#### Source data
::::::::::
(* Let $\alpha,\tilde\alpha,\beta,\gamma\in\mathbb{R}$ and let $f\colon\mathbb{R}^4\to\mathbb{R}^4$ be defined by \[ f(x,y,z,\omega)=\big(y,\ \alpha x+\beta z+\gamma\sin(x),\ \omega,\ \tilde\alpha x-\beta z-\gamma\sin(x)\big). \] If $\tilde\alpha=-\alpha$ and $\beta\neq0$, then $f$ is not topologically transitive.
   Context: A map $f\colon\mathbb{R}^k\to\mathbb{R}^k$ is topologically transitive if for all (nonempty) open sets $V,W\subset\mathbb{R}^k$ there exists $n\ge1$ such that $V\cap f^{(n)}(W)\neq\emptyset$, where $f^{(n)}$ denotes the $n$-th iterate. *)

From Stdlib Require Import Reals.
Open Scope R_scope.

Definition R4 : Type := (R * R * R * R)%type.

(* open-box neighbourhood of radius e around p (generates the Euclidean topology) *)
Definition near4 (p q : R4) (e : R) : Prop :=
  let '(p1, p2, p3, p4) := p in
  let '(q1, q2, q3, q4) := q in
  Rabs (q1 - p1) < e /\ Rabs (q2 - p2) < e /\ Rabs (q3 - p3) < e /\ Rabs (q4 - p4) < e.

Definition open4 (V : R4 -> Prop) : Prop :=
  forall p, V p -> exists e, 0 < e /\ forall q, near4 p q e -> V q.

Fixpoint iter4 (n : nat) (f : R4 -> R4) (x : R4) : R4 :=
  match n with O => x | S k => f (iter4 k f x) end.

Definition top_transitive (f : R4 -> R4) : Prop :=
  forall V W : R4 -> Prop, open4 V -> open4 W ->
    (exists v, V v) -> (exists w, W w) ->
    exists n : nat, (1 <= n)%nat /\ exists w, W w /\ V (iter4 n f w).

Definition fmap (alpha alpha' beta gamma : R) (p : R4) : R4 :=
  let '(x, y, z, w) := p in
  (y, alpha * x + beta * z + gamma * sin x, w, alpha' * x - beta * z - gamma * sin x).

(* When alpha' = - alpha, the second and fourth coordinates of f p always sum
   to 0, so f maps R^4 into the hyperplane y + w = 0. Every iterate f^(n) with
   n >= 1 then misses the nonempty open half-space y + w > 1, which rules out
   transitivity. *)
From Stdlib Require Import Reals Lra Lia.
Open Scope R_scope.

Definition yw_sum (p : R4) : R := let '(_, y, _, w) := p in y + w.

Lemma fmap_yw_sum (alpha beta gamma : R) (p : R4) :
  yw_sum (fmap alpha (- alpha) beta gamma p) = 0.
Proof. destruct p as [[[x y] z] w]; simpl; ring. Qed.

Lemma open4_setT : open4 (fun _ => True).
Proof. intros p _; exists 1; split; [lra | auto]. Qed.

Lemma open4_yw_sum_gt (c : R) : open4 (fun p => c < yw_sum p).
Proof.
  intros [[[x y] z] w] Hp; simpl in Hp.
  exists ((y + w - c) / 2); split; [lra |].
  intros [[[x' y'] z'] w'] [_ [Hy [_ Hw]]]; simpl.
  apply Rabs_def2 in Hy; apply Rabs_def2 in Hw; lra.
Qed.

Lemma not_top_transitive_of_range_avoids_open (f : R4 -> R4) (V : R4 -> Prop) :
  open4 V -> (exists v, V v) -> (forall p, ~ V (f p)) -> ~ top_transitive f.
Proof.
  intros HV [v Hv] Hf Htr.
  destruct (Htr V (fun _ => True) HV open4_setT (ex_intro _ v Hv)
              (ex_intro _ v I)) as [n [Hn [w [_ Hw]]]].
  destruct n as [| k]; [lia |].
  exact (Hf (iter4 k f w) Hw).
Qed.

Theorem proposition1 (alpha alpha' beta gamma : R) :
  alpha' = - alpha -> beta <> 0 ->
  ~ top_transitive (fmap alpha alpha' beta gamma).
Proof.
  intros -> _.
  apply (not_top_transitive_of_range_avoids_open _ (fun p => 1 < yw_sum p)).
  - apply open4_yw_sum_gt.
  - exists (0, 2, 0, 0); simpl; lra.
  - intro p; rewrite fmap_yw_sum; lra.
Qed.
(* Let $V$ be a crossed module and $M$ an abelian $\pi_0(V)$-module. A $2$-cochain $z\in C^2(V,M)$ is a $2$-cocycle if and only if: (a) $z(m,h,g)=z_M(m)-z_G(\mu(m),h)+z_G(h,g)$ for all $m\in M_V$, $g,h\in G_V$; (b) $z_G\in Z^2(G_V,M)$ (group $2$-cocycle, $G_V$ acting on $M$ via $G_V\to\pi_0(V)$); (c) $z_M(nm)=z_M(n)+z_M(m)-z_G(\mu(n),\mu(m))$ for all $m,n\in M_V$; (d) $z_M({}^gm)=\bar g\cdot z_M(m)+z_G(\mu({}^gm),g)-z_G(g,\mu(m))$ for all $m\in M_V$, $g\in G_V$.
   Context: Crossed module $V$: group $G_V$, group $M_V$ with left $G_V$-action ${}^gm$, homomorphism $\mu:M_V\to G_V$ with $\mu({}^gm)=g\mu(m)g^{-1}$, ${}^{\mu(n)}m=nmn^{-1}$; $\pi_0(V)=G_V/\mu(M_V)$, $\bar g$ the class of $g$. The cochain complex of $V$ with coefficients in $M$ has $C^2(V,M)=\mathrm{Map}(M_V\times G_V\times G_V,M)$, $C^3(V,M)=\mathrm{Map}(M_V\times M_V\times G_V\times M_V\times G_V\times G_V,M)$, with $(dc)(p,n,k,m,h,g)=c(p,\mu(n)k,\mu(m)h)-c(pn,k,hg)+c(n\,{}^km,kh,g)-\bar k\cdot c(m,h,g)$; $Z^2(V,M)$ is the kernel. For $c\in C^2(V,M)$: module part $c_M(m):=c(m,1,1)$, group part $c_G(h,g):=c(1,h,g)$. Group cochains: $C^2(\Pi,M)=\mathrm{Map}(\Pi^2,M)$, $(dc)(r,q,p)=c(r,q)-c(r,qp)+c(rq,p)-r\cdot c(q,p)$. *)

(* abelian groups are zmodType; general (possibly infinite)
   groups are given by an explicit record. *)
From HB Require Import structures.
From mathcomp Require Import all_boot all_algebra.
Set Implicit Arguments. Unset Strict Implicit. Unset Printing Implicit Defensive.
Import GRing.Theory.
Local Open Scope ring_scope.

Record Group := {
  gcar :> Type;
  gmul : gcar -> gcar -> gcar;
  gone : gcar;
  ginv : gcar -> gcar;
  gmulA : forall x y z, gmul x (gmul y z) = gmul (gmul x y) z;
  gmul1x : forall x, gmul gone x = x;
  gmulx1 : forall x, gmul x gone = x;
  gmulVx : forall x, gmul (ginv x) x = gone;
  gmulxV : forall x, gmul x (ginv x) = gone
}.
Arguments gone {g}.


Record CrossedModule := {
  GV : Group;
  MV : Group;
  xact : GV -> MV -> MV;
  xact1 : forall m, xact gone m = m;
  xactM : forall g h m, xact (gmul g h) m = xact g (xact h m);
  xact_mul : forall g m n, xact g (gmul m n) = gmul (xact g m) (xact g n);
  mu : MV -> GV;
  muM : forall m n, mu (gmul m n) = gmul (mu m) (mu n);
  mu_act : forall g m, mu (xact g m) = gmul (gmul g (mu m)) (ginv g);
  peiffer : forall n m, xact (mu n) m = gmul (gmul n m) (ginv n)
}.

(* An abelian pi_0(V)-module, where pi_0(V) = G_V / mu(M_V): an abelian
   group M with an additive G_V-action that is trivial on mu(M_V), i.e. an
   action of G_V factoring through the projection G_V -> pi_0(V).
   [pact g x] is  \bar g . x. *)
Record Pi0Module (V : CrossedModule) := {
  pcar : zmodType;
  pact : GV V -> pcar -> pcar;
  pact_add : forall g x y, pact g (x + y) = pact g x + pact g y;
  pact1 : forall x, pact gone x = x;
  pactM : forall g h x, pact (gmul g h) x = pact g (pact h x);
  pact_mu : forall n x, pact (mu n) x = x
}.

Arguments pact {V} p g x : rename.

Definition C2 (V : CrossedModule) (M : Pi0Module V) :=
  MV V -> GV V -> GV V -> pcar M.

Definition d2 (V : CrossedModule) (M : Pi0Module V) (c : C2 M)
  (p n : MV V) (k : GV V) (m : MV V) (h g : GV V) : pcar M :=
  c p (gmul (mu n) k) (gmul (mu m) h) - c (gmul p n) k (gmul h g)
  + c (gmul n (xact k m)) (gmul k h) g - pact M k (c m h g).

Definition is_2cocycle (V : CrossedModule) (M : Pi0Module V) (c : C2 M) :=
  forall p n k m h g, d2 c p n k m h g = 0.

Definition cM (V : CrossedModule) (M : Pi0Module V) (c : C2 M) (m : MV V) :=
  c m gone gone.
Definition cG (V : CrossedModule) (M : Pi0Module V) (c : C2 M) (h g : GV V) :=
  c gone h g.

(* Group 2-cocycles of G_V with coefficients in M (G_V acting through pi_0),
   with the paper's coboundary convention. *)
Definition is_group_2cocycle (V : CrossedModule) (M : Pi0Module V)
  (c : GV V -> GV V -> pcar M) :=
  forall r q p : GV V,
    c r q - c r (gmul q p) + c (gmul r q) p - pact M r (c q p) = 0.

(* A cocycle z is forced to be of the form (a): evaluating dz = 0 at tuples
   with identities in all but two slots shows first that z(m,1,h) does not
   depend on h, and then that z(m,h,g) = z(m,1,1) - z(1,mu m,h) + z(1,h,g).
   Further specialisations give (b), (c) and (d).  Conversely, for a cochain
   of the form (a), (c) and (d) eliminate z_M from dz, and what is left is a
   signed sum of six instances of the group cocycle identity (b), using
   mu(^k m) k = k mu(m). *)
From Pilot Require Import Defs.
From mathcomp Require Import all_boot all_algebra.
Import GRing.Theory.
Local Open Scope ring_scope.

Inductive zexpr := ZAtom of nat | ZZero | ZAdd of zexpr & zexpr | ZOpp of zexpr.

Section ZmodNormalization.
Variable U : zmodType.

Fixpoint zeval (env : seq U) (e : zexpr) : U :=
  match e with
  | ZAtom i => env`_i
  | ZZero => 0
  | ZAdd e1 e2 => zeval env e1 + zeval env e2
  | ZOpp e1 => - zeval env e1
  end.

Fixpoint zcoef (e : zexpr) (i : nat) : int :=
  match e with
  | ZAtom j => (i == j)%:Z
  | ZZero => 0
  | ZAdd e1 e2 => zcoef e1 i + zcoef e2 i
  | ZOpp e1 => - zcoef e1 i
  end.

Lemma zevalE env e : zeval env e = \sum_(i < size env) env`_i *~ zcoef e i.
Proof.
elim: e => [j | | e1 IH1 e2 IH2 | e1 IH1] /=.
- have [lt_j | ge_j] := ltnP j (size env).
    rewrite (bigD1 (Ordinal lt_j)) //= eqxx mulr1z big1 ?addr0 // => i ne_ij.
    by have /negbTE -> : (i : nat) != j := ne_ij; rewrite mulr0z.
  rewrite nth_default // big1 // => i _.
  by rewrite ltn_eqF ?mulr0z // (leq_trans (ltn_ord i)).
- by rewrite big1 // => i _; rewrite mulr0z.
- by rewrite IH1 IH2 -big_split; apply: eq_bigr => i _; rewrite mulrzDr.
- by rewrite IH1 -sumrN; apply: eq_bigr => i _; rewrite mulrNz.
Qed.

Lemma zeval_eq0 env e :
  all (fun i => zcoef e i == 0) (iota 0 (size env)) -> zeval env e = 0.
Proof.
move=> /allP coef0; rewrite zevalE big1 // => i _.
by rewrite (eqP (coef0 i _)) ?mulr0z // mem_iota ltn_ord.
Qed.

Lemma subr0_addr (x y d : U) : x = y -> d + (x - y) = 0 -> d = 0.
Proof. by move=> ->; rewrite subrr addr0. Qed.

Lemma subr0_subr (x y d : U) : x = y -> d - (x - y) = 0 -> d = 0.
Proof. by move=> ->; rewrite subrr subr0. Qed.

End ZmodNormalization.

Arguments zeval {U}.
Arguments subr0_addr {U x y d}.
Arguments subr0_subr {U x y d}.

Ltac zindex x l :=
  lazymatch l with
  | x :: _ => constr:(0%N)
  | _ :: ?l' => let n := zindex x l' in constr:(S n)
  end.

Ltac zsnoc x l :=
  lazymatch l with
  | nil => constr:([:: x])
  | ?y :: ?l' => let l'' := zsnoc x l' in constr:(y :: l'')
  end.

Ltac zatoms e l :=
  lazymatch e with
  | ?a + ?b => let l' := zatoms a l in zatoms b l'
  | - ?a => zatoms a l
  | 0 => l
  | _ => match constr:(tt) with
         | _ => let _ := zindex e l in l
         | _ => zsnoc e l
         end
  end.

Ltac zreify e l :=
  lazymatch e with
  | ?a + ?b => let x := zreify a l in let y := zreify b l in constr:(ZAdd x y)
  | - ?a => let x := zreify a l in constr:(ZOpp x)
  | 0 => constr:(ZZero)
  | _ => let n := zindex e l in constr:(ZAtom n)
  end.

Ltac zmod_eq0 :=
  lazymatch goal with |- ?e = 0 =>
    let T := type of e in
    let l := zatoms e (@nil T) in
    let r := zreify e l in
    change (zeval l r = 0); apply: zeval_eq0; vm_compute; reflexivity
  end.

(* Proves an equation in an abelian group as a signed sum of ALL the
   equations of that type in the context, trying both signs of each. *)
Ltac zmod_combine :=
  lazymatch goal with
  | H : @eq ?T _ _ |- @eq ?T _ _ =>
      first [ apply: (subr0_addr H); clear H; zmod_combine
            | apply: (subr0_subr H); clear H; zmod_combine ]
  | |- _ => zmod_eq0
  end.

Ltac zmod_lin := intros; apply: subr0_eq; zmod_combine.

Section GroupFacts.
Variable G : Defs.Group.
Implicit Types x y : G.

Lemma gmulKg x y : gmul (ginv x) (gmul x y) = y.
Proof. by rewrite gmulA gmulVx gmul1x. Qed.

Lemma gmul_idem1 x : gmul x x = x -> x = gone.
Proof. by move=> idem_x; rewrite -(gmulKg x x) idem_x gmulVx. Qed.

End GroupFacts.

Section CrossedModuleFacts.
Variable V : CrossedModule.

Lemma mu1 : mu (@gone (MV V)) = gone.
Proof. by apply: gmul_idem1; rewrite -muM gmul1x. Qed.

Lemma xact_g1 (g : GV V) : xact g (@gone (MV V)) = gone.
Proof. by apply: gmul_idem1; rewrite -xact_mul gmul1x. Qed.

Lemma mu_act_mul (k : GV V) (m : MV V) :
  gmul (mu (xact k m)) k = gmul k (mu m).
Proof. by rewrite mu_act -gmulA gmulVx gmulx1. Qed.

Lemma mu_act_mulA (k h : GV V) (m : MV V) :
  gmul (mu (xact k m)) (gmul k h) = gmul k (gmul (mu m) h).
Proof. by rewrite gmulA mu_act_mul -gmulA. Qed.

Variable M : Pi0Module V.

Lemma pact0 g : pact M g 0 = 0.
Proof. by apply: (addrI (pact M g 0)); rewrite -pact_add !addr0. Qed.

Lemma pactN g x : pact M g (- x) = - pact M g x.
Proof. by apply/eqP; rewrite -subr_eq0 opprK -pact_add addNr pact0. Qed.

Lemma d2_ext (c c' : C2 M) : (forall m h g, c m h g = c' m h g) ->
  forall p n k m h g, d2 c p n k m h g = d2 c' p n k m h g.
Proof. by move=> eq_cc' p n k m h g; rewrite /d2 !eq_cc'. Qed.

End CrossedModuleFacts.

Arguments d2_ext {V M c c'}.

Section CocycleComponents.
Variables (V : CrossedModule) (M : Pi0Module V) (z : C2 M).
Hypothesis z_cocycle : is_2cocycle z.

Lemma cocycle_1_right (m : MV V) (h : GV V) : z m gone h = cM z m.
Proof.
have := z_cocycle m gone gone gone h (ginv h).
by rewrite /d2 /cM mu1 xact_g1 !gmul1x !gmulx1 pact1 gmulxV; zmod_lin.
Qed.

Lemma cocycle_decomp (m : MV V) (h g : GV V) :
  z m h g = cM z m - cG z (mu m) h + cG z h g.
Proof.
have := z_cocycle gone m gone gone h g.
by rewrite /d2 /cG mu1 xact_g1 !gmul1x !gmulx1 pact1 cocycle_1_right; zmod_lin.
Qed.

Lemma cocycle_group_part : is_group_2cocycle (cG z).
Proof.
move=> r q p; have := z_cocycle gone gone r gone q p.
by rewrite /d2 mu1 xact_g1 !gmul1x.
Qed.

Lemma cocycle_module_mul (n m : MV V) :
  cM z (gmul n m) = cM z n + cM z m - cG z (mu n) (mu m).
Proof.
have := z_cocycle n m gone gone gone gone.
have := cocycle_decomp n (mu m) gone.
have := cocycle_group_part (mu m) gone gone.
rewrite /d2 /cM /cG mu1 xact_g1 !gmul1x !gmulx1 pact1 pact_mu.
by zmod_lin.
Qed.

Lemma cocycle_module_act (m : MV V) (g : GV V) :
  cM z (xact g m) = pact M g (cM z m) + cG z (mu (xact g m)) g - cG z g (mu m).
Proof.
have := z_cocycle gone gone g m gone gone.
have := cocycle_decomp (xact g m) g gone.
rewrite /d2 /cM /cG mu1 !gmul1x !gmulx1.
by zmod_lin.
Qed.

End CocycleComponents.

Section CocycleFromComponents.
Variables (V : CrossedModule) (M : Pi0Module V).
Variables (a : MV V -> pcar M) (b : GV V -> GV V -> pcar M).
Hypothesis b_cocycle : is_group_2cocycle b.
Hypothesis a_mul : forall n m, a (gmul n m) = a n + a m - b (mu n) (mu m).
Hypothesis a_act : forall m g,
  a (xact g m) = pact M g (a m) + b (mu (xact g m)) g - b g (mu m).

Definition assemble_2cochain : C2 M := fun m h g => a m - b (mu m) h + b h g.

Lemma assemble_2cochain_cocycle : is_2cocycle assemble_2cochain.
Proof.
move=> p n k m h g; rewrite /d2 /assemble_2cochain !a_mul a_act !muM.
rewrite !pact_add !pactN.
have B1 := b_cocycle k h g.
have B2 := b_cocycle (mu p) (mu n) k.
have B3 := b_cocycle (mu n) (mu (xact k m)) (gmul k h).
have B4 := b_cocycle (mu n) k (gmul (mu m) h).
have B5 := b_cocycle (mu (xact k m)) k h.
have B6 := b_cocycle k (mu m) h.
rewrite !pact_mu in B2 B3 B4 B5.
rewrite mu_act_mulA in B3; rewrite mu_act_mul in B5.
by zmod_lin.
Qed.

End CocycleFromComponents.

Theorem proposition3p11 (V : CrossedModule) (M : Pi0Module V) (z : C2 M) :
  is_2cocycle z <->
  [/\ (forall (m : MV V) (h g : GV V),
         z m h g = cM z m - cG z (mu m) h + cG z h g),
      is_group_2cocycle (cG z),
      (forall n m : MV V,
         cM z (gmul n m) = cM z n + cM z m - cG z (mu n) (mu m)) &
      (forall (m : MV V) (g : GV V),
         cM z (xact g m) = pact M g (cM z m) + cG z (mu (xact g m)) g
                           - cG z g (mu m))].
Proof.
split=> [z_cocycle | [z_decomp zG_cocycle zM_mul zM_act] p n k m h g].
  split; [exact: cocycle_decomp | exact: cocycle_group_part |
          exact: cocycle_module_mul | exact: cocycle_module_act].
rewrite (d2_ext z_decomp).
exact: assemble_2cochain_cocycle.
Qed.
::::::::::
#### Assignment
All lines from the top of the data through the line containing "Rabs (q1 - p1)" need to be retyped exactly, and nothing more.

#### Task answer
(* Let $\alpha,\tilde\alpha,\beta,\gamma\in\mathbb{R}$ and let $f\colon\mathbb{R}^4\to\mathbb{R}^4$ be defined by \[ f(x,y,z,\omega)=\big(y,\ \alpha x+\beta z+\gamma\sin(x),\ \omega,\ \tilde\alpha x-\beta z-\gamma\sin(x)\big). \] If $\tilde\alpha=-\alpha$ and $\beta\neq0$, then $f$ is not topologically transitive.
   Context: A map $f\colon\mathbb{R}^k\to\mathbb{R}^k$ is topologically transitive if for all (nonempty) open sets $V,W\subset\mathbb{R}^k$ there exists $n\ge1$ such that $V\cap f^{(n)}(W)\neq\emptyset$, where $f^{(n)}$ denotes the $n$-th iterate. *)

From Stdlib Require Import Reals.
Open Scope R_scope.

Definition R4 : Type := (R * R * R * R)%type.

(* open-box neighbourhood of radius e around p (generates the Euclidean topology) *)
Definition near4 (p q : R4) (e : R) : Prop :=
  let '(p1, p2, p3, p4) := p in
  let '(q1, q2, q3, q4) := q in
  Rabs (q1 - p1) < e /\ Rabs (q2 - p2) < e /\ Rabs (q3 - p3) < e /\ Rabs (q4 - p4) < e.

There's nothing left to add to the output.